To do:
Among the records below, find the line that has "(forall i, xi"; from there, give the lines again exactly, and stop after the line that has "Proof. by rewrite /xn !mxE. Qed.".

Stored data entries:

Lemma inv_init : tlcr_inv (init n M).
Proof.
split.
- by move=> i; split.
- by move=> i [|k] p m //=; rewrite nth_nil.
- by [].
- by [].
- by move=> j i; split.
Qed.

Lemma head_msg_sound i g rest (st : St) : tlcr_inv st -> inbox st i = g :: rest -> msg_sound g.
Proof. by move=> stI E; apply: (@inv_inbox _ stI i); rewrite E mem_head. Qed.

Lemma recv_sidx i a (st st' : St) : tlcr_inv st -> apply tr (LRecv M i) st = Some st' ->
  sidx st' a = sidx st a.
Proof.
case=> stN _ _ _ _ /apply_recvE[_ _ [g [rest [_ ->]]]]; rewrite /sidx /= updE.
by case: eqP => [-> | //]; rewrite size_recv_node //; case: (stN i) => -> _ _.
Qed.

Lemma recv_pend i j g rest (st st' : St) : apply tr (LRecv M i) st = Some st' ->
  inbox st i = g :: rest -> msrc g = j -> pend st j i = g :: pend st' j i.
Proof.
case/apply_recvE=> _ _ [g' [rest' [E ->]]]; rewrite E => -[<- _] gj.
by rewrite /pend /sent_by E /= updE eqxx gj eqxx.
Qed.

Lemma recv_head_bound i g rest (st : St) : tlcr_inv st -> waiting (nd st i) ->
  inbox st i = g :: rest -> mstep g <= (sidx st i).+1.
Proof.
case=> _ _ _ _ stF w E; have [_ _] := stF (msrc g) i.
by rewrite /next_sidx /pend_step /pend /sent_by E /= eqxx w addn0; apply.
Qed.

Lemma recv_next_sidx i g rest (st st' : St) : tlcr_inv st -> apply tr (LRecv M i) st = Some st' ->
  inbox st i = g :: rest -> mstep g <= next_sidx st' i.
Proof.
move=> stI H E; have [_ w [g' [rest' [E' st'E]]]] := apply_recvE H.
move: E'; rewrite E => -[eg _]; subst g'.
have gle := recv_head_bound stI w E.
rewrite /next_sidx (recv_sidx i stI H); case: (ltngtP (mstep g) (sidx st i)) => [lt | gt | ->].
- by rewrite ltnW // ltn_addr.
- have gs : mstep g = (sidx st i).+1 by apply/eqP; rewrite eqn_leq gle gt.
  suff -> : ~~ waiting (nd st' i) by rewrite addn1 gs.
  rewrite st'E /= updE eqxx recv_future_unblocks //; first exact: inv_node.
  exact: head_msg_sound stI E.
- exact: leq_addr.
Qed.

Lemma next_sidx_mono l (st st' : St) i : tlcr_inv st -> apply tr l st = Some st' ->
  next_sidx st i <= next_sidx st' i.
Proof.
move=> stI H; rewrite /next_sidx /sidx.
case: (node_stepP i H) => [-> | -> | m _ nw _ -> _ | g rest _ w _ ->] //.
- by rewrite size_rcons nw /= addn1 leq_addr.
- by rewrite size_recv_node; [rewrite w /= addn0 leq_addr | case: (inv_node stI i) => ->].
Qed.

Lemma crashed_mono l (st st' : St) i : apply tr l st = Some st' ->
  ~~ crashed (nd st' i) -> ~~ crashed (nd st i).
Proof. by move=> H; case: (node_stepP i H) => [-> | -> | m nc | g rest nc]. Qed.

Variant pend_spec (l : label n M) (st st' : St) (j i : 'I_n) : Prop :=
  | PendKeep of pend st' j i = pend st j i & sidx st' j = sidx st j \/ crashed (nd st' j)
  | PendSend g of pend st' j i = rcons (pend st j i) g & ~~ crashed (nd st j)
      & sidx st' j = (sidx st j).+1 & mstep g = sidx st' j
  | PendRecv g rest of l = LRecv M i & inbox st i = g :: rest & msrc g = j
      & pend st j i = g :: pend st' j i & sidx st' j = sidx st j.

--

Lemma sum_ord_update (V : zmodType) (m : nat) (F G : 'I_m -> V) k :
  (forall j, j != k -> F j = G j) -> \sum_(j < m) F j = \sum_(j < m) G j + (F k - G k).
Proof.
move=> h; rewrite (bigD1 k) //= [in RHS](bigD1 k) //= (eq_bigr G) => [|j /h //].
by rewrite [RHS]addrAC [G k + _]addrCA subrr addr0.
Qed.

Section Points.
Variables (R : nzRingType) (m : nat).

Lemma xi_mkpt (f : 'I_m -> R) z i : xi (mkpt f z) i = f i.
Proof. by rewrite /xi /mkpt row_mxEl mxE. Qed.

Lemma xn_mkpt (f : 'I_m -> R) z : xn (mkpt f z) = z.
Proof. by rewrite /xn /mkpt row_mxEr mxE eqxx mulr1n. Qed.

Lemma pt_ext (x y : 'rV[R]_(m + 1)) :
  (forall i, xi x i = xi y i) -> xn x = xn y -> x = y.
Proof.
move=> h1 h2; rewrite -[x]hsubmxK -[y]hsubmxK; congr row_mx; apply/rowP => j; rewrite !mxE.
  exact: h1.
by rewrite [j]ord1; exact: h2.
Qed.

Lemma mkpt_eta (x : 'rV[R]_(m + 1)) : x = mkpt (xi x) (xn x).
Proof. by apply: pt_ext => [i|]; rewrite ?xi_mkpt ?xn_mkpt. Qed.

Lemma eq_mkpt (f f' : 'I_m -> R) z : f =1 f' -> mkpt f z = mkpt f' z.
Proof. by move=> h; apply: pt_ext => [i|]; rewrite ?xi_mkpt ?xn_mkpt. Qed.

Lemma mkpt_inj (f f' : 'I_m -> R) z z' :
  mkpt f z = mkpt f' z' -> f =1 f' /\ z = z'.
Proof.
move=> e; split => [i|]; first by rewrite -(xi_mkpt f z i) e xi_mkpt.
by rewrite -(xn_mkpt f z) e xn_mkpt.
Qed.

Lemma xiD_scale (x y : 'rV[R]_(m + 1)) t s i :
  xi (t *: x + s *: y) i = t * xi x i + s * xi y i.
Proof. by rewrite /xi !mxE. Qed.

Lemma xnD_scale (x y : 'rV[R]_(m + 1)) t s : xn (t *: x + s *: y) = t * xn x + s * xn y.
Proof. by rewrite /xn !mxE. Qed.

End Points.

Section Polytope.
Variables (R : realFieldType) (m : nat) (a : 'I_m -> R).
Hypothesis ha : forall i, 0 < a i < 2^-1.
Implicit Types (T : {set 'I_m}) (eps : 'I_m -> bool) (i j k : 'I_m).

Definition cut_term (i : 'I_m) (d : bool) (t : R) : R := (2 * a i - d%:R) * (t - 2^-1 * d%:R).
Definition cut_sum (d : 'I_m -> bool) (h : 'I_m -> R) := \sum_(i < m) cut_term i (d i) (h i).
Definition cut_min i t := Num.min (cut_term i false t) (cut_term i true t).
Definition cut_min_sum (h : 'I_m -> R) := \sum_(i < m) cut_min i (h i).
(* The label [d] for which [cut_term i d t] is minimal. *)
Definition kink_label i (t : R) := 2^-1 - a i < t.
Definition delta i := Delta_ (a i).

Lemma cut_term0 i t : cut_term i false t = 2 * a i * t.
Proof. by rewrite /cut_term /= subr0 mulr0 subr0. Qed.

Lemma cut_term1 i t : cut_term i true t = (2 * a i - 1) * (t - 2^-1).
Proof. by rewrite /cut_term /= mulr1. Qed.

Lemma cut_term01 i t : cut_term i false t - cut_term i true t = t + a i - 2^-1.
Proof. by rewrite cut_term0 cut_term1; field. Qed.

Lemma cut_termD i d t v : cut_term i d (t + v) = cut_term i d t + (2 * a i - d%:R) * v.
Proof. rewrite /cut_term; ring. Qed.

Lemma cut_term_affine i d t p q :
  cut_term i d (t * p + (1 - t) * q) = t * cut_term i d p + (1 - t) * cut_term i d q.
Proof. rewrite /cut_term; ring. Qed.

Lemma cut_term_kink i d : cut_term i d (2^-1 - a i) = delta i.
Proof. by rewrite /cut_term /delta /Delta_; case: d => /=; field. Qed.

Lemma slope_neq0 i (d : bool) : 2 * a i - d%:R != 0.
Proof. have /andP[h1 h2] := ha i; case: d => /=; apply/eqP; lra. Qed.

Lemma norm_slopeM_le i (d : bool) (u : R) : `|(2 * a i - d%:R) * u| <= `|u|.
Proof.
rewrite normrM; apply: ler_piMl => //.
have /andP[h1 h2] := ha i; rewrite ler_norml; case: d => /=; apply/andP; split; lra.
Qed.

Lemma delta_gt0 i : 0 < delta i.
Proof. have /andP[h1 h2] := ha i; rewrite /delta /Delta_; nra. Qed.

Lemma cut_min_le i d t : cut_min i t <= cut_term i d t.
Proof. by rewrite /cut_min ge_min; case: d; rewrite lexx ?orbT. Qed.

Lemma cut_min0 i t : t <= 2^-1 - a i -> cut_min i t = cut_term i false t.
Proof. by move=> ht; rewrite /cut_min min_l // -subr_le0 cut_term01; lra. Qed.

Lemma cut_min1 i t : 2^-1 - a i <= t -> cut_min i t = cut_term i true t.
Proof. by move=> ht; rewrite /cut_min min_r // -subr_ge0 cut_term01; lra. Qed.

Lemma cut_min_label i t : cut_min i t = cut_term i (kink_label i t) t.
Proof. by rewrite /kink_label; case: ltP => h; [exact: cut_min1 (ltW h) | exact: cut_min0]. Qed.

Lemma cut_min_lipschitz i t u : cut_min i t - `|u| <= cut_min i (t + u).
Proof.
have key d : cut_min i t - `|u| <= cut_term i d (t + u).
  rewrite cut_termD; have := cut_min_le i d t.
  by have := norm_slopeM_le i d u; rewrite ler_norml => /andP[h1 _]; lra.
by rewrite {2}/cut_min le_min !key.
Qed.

--

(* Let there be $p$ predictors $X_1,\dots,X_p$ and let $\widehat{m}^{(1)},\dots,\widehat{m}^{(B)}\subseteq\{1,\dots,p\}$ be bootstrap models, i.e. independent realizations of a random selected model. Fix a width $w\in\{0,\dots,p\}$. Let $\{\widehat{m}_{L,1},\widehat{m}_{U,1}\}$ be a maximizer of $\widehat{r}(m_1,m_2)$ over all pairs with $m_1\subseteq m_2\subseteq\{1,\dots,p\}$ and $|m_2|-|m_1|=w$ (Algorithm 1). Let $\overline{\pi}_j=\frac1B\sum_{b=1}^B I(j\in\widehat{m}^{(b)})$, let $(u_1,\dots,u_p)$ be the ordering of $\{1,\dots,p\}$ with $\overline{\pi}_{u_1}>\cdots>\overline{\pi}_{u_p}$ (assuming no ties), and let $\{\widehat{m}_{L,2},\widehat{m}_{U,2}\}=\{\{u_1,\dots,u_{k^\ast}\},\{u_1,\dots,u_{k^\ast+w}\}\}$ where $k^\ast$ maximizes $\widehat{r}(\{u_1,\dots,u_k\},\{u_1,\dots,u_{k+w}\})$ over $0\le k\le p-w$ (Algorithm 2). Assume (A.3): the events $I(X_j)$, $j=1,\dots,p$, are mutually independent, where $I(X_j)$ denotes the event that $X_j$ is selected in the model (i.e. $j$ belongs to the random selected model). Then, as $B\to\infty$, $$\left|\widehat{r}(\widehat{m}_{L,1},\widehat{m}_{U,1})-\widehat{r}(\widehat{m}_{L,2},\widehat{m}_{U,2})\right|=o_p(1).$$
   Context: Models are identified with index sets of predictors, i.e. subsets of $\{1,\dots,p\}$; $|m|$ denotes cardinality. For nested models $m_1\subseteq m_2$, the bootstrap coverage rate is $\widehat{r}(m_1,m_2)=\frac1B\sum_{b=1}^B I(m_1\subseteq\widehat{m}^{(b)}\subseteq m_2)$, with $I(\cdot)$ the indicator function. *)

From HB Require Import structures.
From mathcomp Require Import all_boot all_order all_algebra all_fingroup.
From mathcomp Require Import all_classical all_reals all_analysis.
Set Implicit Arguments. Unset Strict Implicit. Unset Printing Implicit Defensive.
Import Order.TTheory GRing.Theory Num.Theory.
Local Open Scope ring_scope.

Answer to the problem:
  (forall i, xi x i = xi y i) -> xn x = xn y -> x = y.
Proof.
move=> h1 h2; rewrite -[x]hsubmxK -[y]hsubmxK; congr row_mx; apply/rowP => j; rewrite !mxE.
  exact: h1.
by rewrite [j]ord1; exact: h2.
Qed.

Lemma mkpt_eta (x : 'rV[R]_(m + 1)) : x = mkpt (xi x) (xn x).
Proof. by apply: pt_ext => [i|]; rewrite ?xi_mkpt ?xn_mkpt. Qed.

Lemma eq_mkpt (f f' : 'I_m -> R) z : f =1 f' -> mkpt f z = mkpt f' z.
Proof. by move=> h; apply: pt_ext => [i|]; rewrite ?xi_mkpt ?xn_mkpt. Qed.

Lemma mkpt_inj (f f' : 'I_m -> R) z z' :
  mkpt f z = mkpt f' z' -> f =1 f' /\ z = z'.
Proof.
move=> e; split => [i|]; first by rewrite -(xi_mkpt f z i) e xi_mkpt.
by rewrite -(xn_mkpt f z) e xn_mkpt.
Qed.

Lemma xiD_scale (x y : 'rV[R]_(m + 1)) t s i :
  xi (t *: x + s *: y) i = t * xi x i + s * xi y i.
Proof. by rewrite /xi !mxE. Qed.

Lemma xnD_scale (x y : 'rV[R]_(m + 1)) t s : xn (t *: x + s *: y) = t * xn x + s * xn y.
Proof. by rewrite /xn !mxE. Qed.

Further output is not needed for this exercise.